(* Let $\nu$ be a Lévy measure on $\mathbb R$, let $\beta>0$, let $f\in l^\infty(\mathrm{supp}(\nu))\cap l^1(\mathrm{supp}(\nu))$ and let $k$ be a function on $\mathrm{supp}(\nu)$ which is bounded from above. Then the equation $$\varphi(x)=\exp\Big\{k(x)-\beta f(x)\int f(z)\varphi(z)\,\nu(dz)\Big\},\qquad x\in\mathrm{supp}(\nu),$$ defines a function $\varphi:\mathrm{supp}(\nu)\to\mathbb R$ in a well-defined (unique) way, and this $\varphi$ is bounded.
   Context: $l^\infty(\mathrm{supp}(\nu))\cap l^1(\mathrm{supp}(\nu))$ denotes the set of bounded, $\nu$-integrable real functions on the support of $\nu$. *)

From HB Require Import structures.
From mathcomp Require Import all_boot all_order all_algebra.
From mathcomp Require Import all_classical all_reals all_analysis.
Set Implicit Arguments. Unset Strict Implicit. Unset Printing Implicit Defensive.
Import Order.TTheory GRing.Theory Num.Theory.
Import numFieldNormedType.Exports.
Local Open Scope classical_set_scope.
Local Open Scope ring_scope.

Definition levy_measure (R : realType) (nu : {measure set R -> \bar R}) : Prop :=
  nu [set 0] = 0%E /\
  (\int[nu]_x (Num.min 1 (x ^+ 2))%:E < +oo)%E.

Definition msupp (R : realType) (nu : {measure set R -> \bar R}) : set R :=
  [set x | forall e : R, 0 < e -> (0 < nu (ball x e))%E].

From HB Require Import structures.
From mathcomp Require Import all_boot all_order all_algebra.
From mathcomp Require Import all_classical all_reals all_analysis.
From mathcomp Require Import lra ring.
Set Implicit Arguments.
Unset Strict Implicit.
Unset Printing Implicit Defensive.

Import Order.TTheory GRing.Theory Num.Theory.
Import numFieldNormedType.Exports.
Local Open Scope classical_set_scope.
Local Open Scope ring_scope.

(* With phi_of c x = exp(k x - beta f x c), the solutions of the equation are
   exactly the phi_of c for c a fixed point of integral_fphi c = \int f phi_of c.
   Since beta > 0, each f x * phi_of c x is nonincreasing in c, hence so is
   integral_fphi; and for |f| <= Mf, k <= Mk the integrand is dominated by
   exp(Mk + beta Mf |c|) |f|, which together with the Lipschitz bound of exp on
   bounded sets makes integral_fphi locally Lipschitz, hence continuous.  A
   continuous nonincreasing map of R has exactly one fixed point (intermediate
   value theorem applied to c - g c), and phi_of c <= exp(Mk + beta Mf |c|). *)

Lemma antitone_fixed_point_unique d (T : orderType d) (g : T -> T) (a b : T) :
  {homo g : x y /~ (x <= y)%O} -> g a = a -> g b = b -> a = b.
Proof.
move=> g_anti; wlog ab : a b / (a <= b)%O => [wlog_ab ga gb|ga gb].
  by case: (leP a b) => [|/ltW] ?; [|apply/esym]; apply: wlog_ab.
by apply/le_anti; rewrite ab -{1}ga -gb g_anti.
Qed.

Lemma antitone_continuous_fixed_point (R : realType) (g : R -> R) :
  {homo g : x y /~ x <= y} -> continuous g -> exists c, g c = c.
Proof.
move=> g_anti g_cont; set A := `|g 0|.
have A_ge0 : 0 <= A := normr_ge0 _.
have [gA_le gA_ge] : g A <= g 0 /\ g 0 <= g (- A).
  by split; apply: g_anti; rewrite ?oppr_le0.
have /andP[ge_g0 le_g0] : - A <= g 0 <= A by rewrite -ler_norml.
have [c _ gc] : exists2 c, c \in `[- A, A] & c - g c = 0.
  apply: IVT; first by rewrite lerNl (le_trans _ A_ge0) // oppr_le0.
  - apply: continuous_subspaceT => x; apply: cvgB; [exact: cvg_id | exact: g_cont].
  - rewrite ge_min le_max !subr_le0 !subr_ge0; apply/andP; split.
      by apply/orP; left; exact: le_trans ge_g0 gA_ge.
    by apply/orP; right; exact: le_trans gA_le le_g0.
by exists c; apply/eqP; rewrite eq_sym -subr_eq0 gc.
Qed.

Lemma continuous_locally_lipschitz (R : realType) (h : R -> R) :
  (forall B : R, exists2 L : R, 0 <= L & forall c c', `|c| <= B -> `|c'| <= B ->
     `|h c - h c'| <= L * `|c - c'|) -> continuous h.
Proof.
move=> h_lip c0; apply/cvgrPdist_le => e e_gt0.
have [L L_ge0 hL] := h_lip (`|c0| + 1).
have r_gt0 : 0 < Num.min 1 (e / (L + 1)).
  by rewrite lt_min ltr01 divr_gt0 // ltr_wpDl.
apply/nbhs_ballP; exists (Num.min 1 (e / (L + 1))) => // t.
rewrite /ball /= lt_min => /andP[ct1 cte].
apply: le_trans (hL c0 t _ _) _; first by rewrite lerDl.
  by have := ler_normB c0 (c0 - t); rewrite opprB addrC subrK; lra.
rewrite ltr_pdivlMr ?ltr_wpDl // in cte.
have := normr_ge0 (c0 - t); nra.
Qed.

Lemma ler_dist_expR (R : realType) (u v : R) :
  `|expR u - expR v| <= expR (Num.max u v) * `|u - v|.
Proof.
wlog vu : u v / v <= u => [wlog_vu|].
  case: (leP v u) => [vu|/ltW uv]; first by have := wlog_vu u v vu; rewrite max_l.
  by have := wlog_vu v u uv; rewrite max_l // distrC (distrC v).
have expRv : expR v = expR u * expR (v - u) by rewrite -expRD addrC subrK.
rewrite max_l // expRv -{1}(mulr1 (expR u)) -mulrBr normrM ger0_norm ?expR_ge0 //.
rewrite ler_wpM2l ?expR_ge0 // !ger0_norm ?subr_ge0 ?expR_le1 ?subr_le0 //.
by have := expR_ge1Dx (v - u); lra.
Qed.

Section self_consistency.
Context (R : realType) d (T : measurableType d) (mu : {measure set T -> \bar R}).
Variables (D : set T) (f k : T -> R) (beta Mf Mk : R).
Hypotheses (mD : measurable D) (beta_gt0 : 0 < beta) (Mf_ge0 : 0 <= Mf).
Hypotheses (f_le : forall x, D x -> `|f x| <= Mf).
Hypothesis intf : mu.-integrable D (EFin \o f).
Hypotheses (mk : measurable_fun D k) (k_le : forall x, D x -> k x <= Mk).

Definition phi_of (c : R) (x : T) := expR (k x - beta * f x * c).

Definition integral_fphi (c : R) := \int[mu]_(x in D) (f x * phi_of c x).

Let mf : measurable_fun D f.
Proof. by apply/measurable_realfun.measurable_EFinP; case/integrableP: intf. Qed.

Let mnormf : measurable_fun D (fun x => `|f x|).
Proof. exact: measurableT_comp (@measurable_realfun.normr_measurable R setT) mf. Qed.

Lemma integrable_dominated (h : T -> R) (C : R) : measurable_fun D h ->
  (forall x, D x -> `|h x| <= C * `|f x|) -> mu.-integrable D (EFin \o h).
Proof.
move=> mh h_le; apply: (le_integrable mD (g := fun x => (C%:E * `|(f x)%:E|)%E)).
- exact/measurable_realfun.measurable_EFinP.
- by move=> x Dx /=; rewrite lee_fin (le_trans (h_le x Dx)) ?ler_norm.
- exact/integrableZl/integrable_abse.
Qed.

Lemma ler_norm_Rintegral_dominated (h : T -> R) (C : R) : 0 <= C ->
  measurable_fun D h -> (forall x, D x -> `|h x| <= C * `|f x|) ->
  `|\int[mu]_(x in D) h x| <= C * \int[mu]_(x in D) `|f x|.
Proof.
move=> C_ge0 mh h_le.
apply: le_trans (le_normr_Rintegral mD (integrable_dominated mh h_le)) _.
rewrite -RintegralZl //; last first.
  by apply: (@integrable_dominated _ 1) => // x _; rewrite mul1r normr_id.
apply: le_Rintegral => //.
- apply: (@integrable_dominated _ C) => [|x Dx]; first exact: measurableT_comp.
  by rewrite normr_id h_le.
- apply: (@integrable_dominated _ C) => [|x Dx].
    exact: measurable_realfun.measurable_funM.
  by rewrite normrM normr_id ger0_norm.
Qed.

Lemma phi_of_exponent_le (c : R) (x : T) : D x ->
  k x - beta * f x * c <= Mk + beta * Mf * `|c|.
Proof.
move=> Dx; rewrite -mulrA -mulrA; apply: lerD; first exact: k_le.
rewrite -mulrN ler_pM2l //; apply: le_trans (ler_norm _) _.
by rewrite normrN normrM ler_wpM2r ?f_le.
Qed.

Lemma measurable_fphi_of (c : R) : measurable_fun D (fun x => f x * phi_of c x).
Proof.
apply: measurable_realfun.measurable_funM => //.
apply: measurableT_comp; first exact: measurable_realfun.measurable_expR.
apply: measurable_realfun.measurable_funB => //.
apply: measurable_realfun.measurable_funM => //.
exact: measurable_realfun.measurable_funM.
Qed.

Lemma norm_fphi_of_le (c : R) (x : T) : D x ->
  `|f x * phi_of c x| <= expR (Mk + beta * Mf * `|c|) * `|f x|.
Proof.
move=> Dx; rewrite normrM (ger0_norm (expR_ge0 _)) mulrC ler_wpM2r //.
by rewrite ler_expR phi_of_exponent_le.
Qed.

Lemma integrable_fphi_of (c : R) :
  mu.-integrable D (EFin \o (fun x => f x * phi_of c x)).
Proof. exact: integrable_dominated (measurable_fphi_of c) (norm_fphi_of_le c). Qed.

Lemma integral_fphi_nonincreasing : {homo integral_fphi : c c' /~ c <= c'}.
Proof.
move=> c' c cc'; apply: le_Rintegral; rewrite ?integrable_fphi_of // => x Dx.
have bfc : beta * f x * c' - beta * f x * c = beta * f x * (c' - c) by ring.
have [f_ge0|f_lt0] := lerP 0 (f x).
  rewrite ler_wpM2l // ler_expR lerB //.
  by rewrite -subr_ge0 bfc !mulr_ge0 ?subr_ge0 // ltW.
rewrite ler_nM2l // ler_expR lerB //.
by rewrite -subr_le0 bfc mulr_le0_ge0 ?subr_ge0 // pmulr_rle0 // ltW.
Qed.

Lemma integral_fphi_lipschitz (B c c' : R) : `|c| <= B -> `|c'| <= B ->
  `|integral_fphi c - integral_fphi c'| <=
    expR (Mk + beta * Mf * B) * (beta * Mf) * \int[mu]_(x in D) `|f x| * `|c - c'|.
Proof.
move=> cB c'B; rewrite mulrAC -(mulrA _ _ `|_|).
rewrite /integral_fphi -RintegralB ?integrable_fphi_of //.
have BMf_ge0 : 0 <= beta * Mf := mulr_ge0 (ltW beta_gt0) Mf_ge0.
apply: ler_norm_Rintegral_dominated.
- exact: mulr_ge0 (expR_ge0 _) (mulr_ge0 BMf_ge0 (normr_ge0 _)).
- exact: measurable_realfun.measurable_funB (measurable_fphi_of c) (measurable_fphi_of c').
move=> x Dx; rewrite -mulrBr normrM mulrC ler_wpM2r //.
rewrite /phi_of; apply: le_trans (ler_dist_expR _ _) _.
have -> : k x - beta * f x * c - (k x - beta * f x * c') = beta * f x * (c' - c) by ring.
apply: ler_pM; rewrite ?expR_ge0 ?normr_ge0 //.
  rewrite ler_expR ge_max !(le_trans (phi_of_exponent_le _ Dx)) // lerD2l ler_wpM2l //.
rewrite !normrM gtr0_norm // distrC.
by apply: ler_wpM2r => //; rewrite ler_pM2l ?f_le.
Qed.

Lemma continuous_integral_fphi : continuous integral_fphi.
Proof.
apply: continuous_locally_lipschitz => B.
have BMf_ge0 := mulr_ge0 (ltW beta_gt0) Mf_ge0.
exists (expR (Mk + beta * Mf * B) * (beta * Mf) * \int[mu]_(x in D) `|f x|).
  by rewrite mulr_ge0 ?Rintegral_ge0 // mulr_ge0 ?expR_ge0.
exact: integral_fphi_lipschitz.
Qed.

Lemma integral_fphi_solution (psi : T -> R) :
  let c := \int[mu]_(x in D) (f x * psi x) in
  (forall x, D x -> psi x = phi_of c x) -> integral_fphi c = c.
Proof. by move=> c psiE; apply: eq_Rintegral => x /[!inE] Dx; rewrite psiE. Qed.

Lemma norm_phi_of_le (c : R) (x : T) : D x ->
  `|phi_of c x| <= expR (Mk + beta * Mf * `|c|).
Proof. by move=> Dx; rewrite ger0_norm ?expR_ge0 // ler_expR phi_of_exponent_le. Qed.

End self_consistency.

Lemma msupp_closed (R : realType) (nu : {measure set R -> \bar R}) :
  closed (msupp nu).
Proof.
move=> x clx e e_gt0; have e2_gt0 : 0 < e / 2 by rewrite divr_gt0.
have [y [Sy xy]] := clx (ball x (e / 2)) (nbhsx_ballx x (e / 2) e2_gt0).
apply: (lt_le_trans (Sy _ e2_gt0)); apply: le_measure; rewrite ?inE;
  try exact: measurable_realfun.measurable_ball.
by move=> z yz; rewrite (splitr e); exact: ball_triangle xy yz.
Qed.

Theorem lemma3p3 (R : realType) (nu : {measure set R -> \bar R})
  (beta : R) (f k : R -> R) :
  levy_measure nu ->
  0 < beta ->
  (exists M : R, forall x, msupp nu x -> `|f x| <= M) ->
  nu.-integrable (msupp nu) (EFin \o f) ->
  measurable_fun (msupp nu) k ->
  (exists M : R, forall x, msupp nu x -> k x <= M) ->
  exists phi : R -> R,
    [/\ nu.-integrable (msupp nu) (fun z => (f z * phi z)%:E),
        (forall x, msupp nu x ->
           phi x = expR (k x - beta * f x *
                         Rintegral nu (msupp nu) (fun z => f z * phi z))),
        (forall psi : R -> R,
           (forall x, msupp nu x ->
              psi x = expR (k x - beta * f x *
                            Rintegral nu (msupp nu) (fun z => f z * psi z))) ->
           forall x, msupp nu x -> psi x = phi x) &
        (exists M : R, forall x, msupp nu x -> `|phi x| <= M)].
Proof.
move=> _ beta_gt0 [Mf f_bd] intf mk [Mk k_le].
have mS := measurable_realfun.closed_measurable (msupp_closed (nu := nu)).
have f_le x : msupp nu x -> `|f x| <= Num.max Mf 0 by move=> ?; rewrite le_max f_bd.
have Mf_ge0 : 0 <= Num.max Mf 0 by rewrite le_max lexx orbT.
have G_anti := integral_fphi_nonincreasing mS beta_gt0 f_le intf mk k_le.
have G_cont := continuous_integral_fphi mS beta_gt0 Mf_ge0 f_le intf mk k_le.
have [c Gc] := antitone_continuous_fixed_point G_anti G_cont.
exists (phi_of f k beta c); split.
- exact: integrable_fphi_of mS beta_gt0 f_le intf mk k_le c.
- by move=> x _; rewrite [Rintegral _ _ _]Gc.
- move=> psi psiE x Sx; rewrite psiE //; congr expR; congr (_ - _ * _).
  exact: antitone_fixed_point_unique G_anti (integral_fphi_solution psiE) Gc.
- by exists (expR (Mk + beta * Num.max Mf 0 * `|c|)); exact: norm_phi_of_le.
Qed.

§

Keeping every character as it is, restate the lines above that run from the line with "by case: (leP" through the line with "move=> g_anti g_cont;", both included, and nothing else.

→ Answer box
  by case: (leP a b) => [|/ltW] ?; [|apply/esym]; apply: wlog_ab.
by apply/le_anti; rewrite ab -{1}ga -gb g_anti.
Qed.

Lemma antitone_continuous_fixed_point (R : realType) (g : R -> R) :
  {homo g : x y /~ x <= y} -> continuous g -> exists c, g c = c.
Proof.
move=> g_anti g_cont; set A := `|g 0|.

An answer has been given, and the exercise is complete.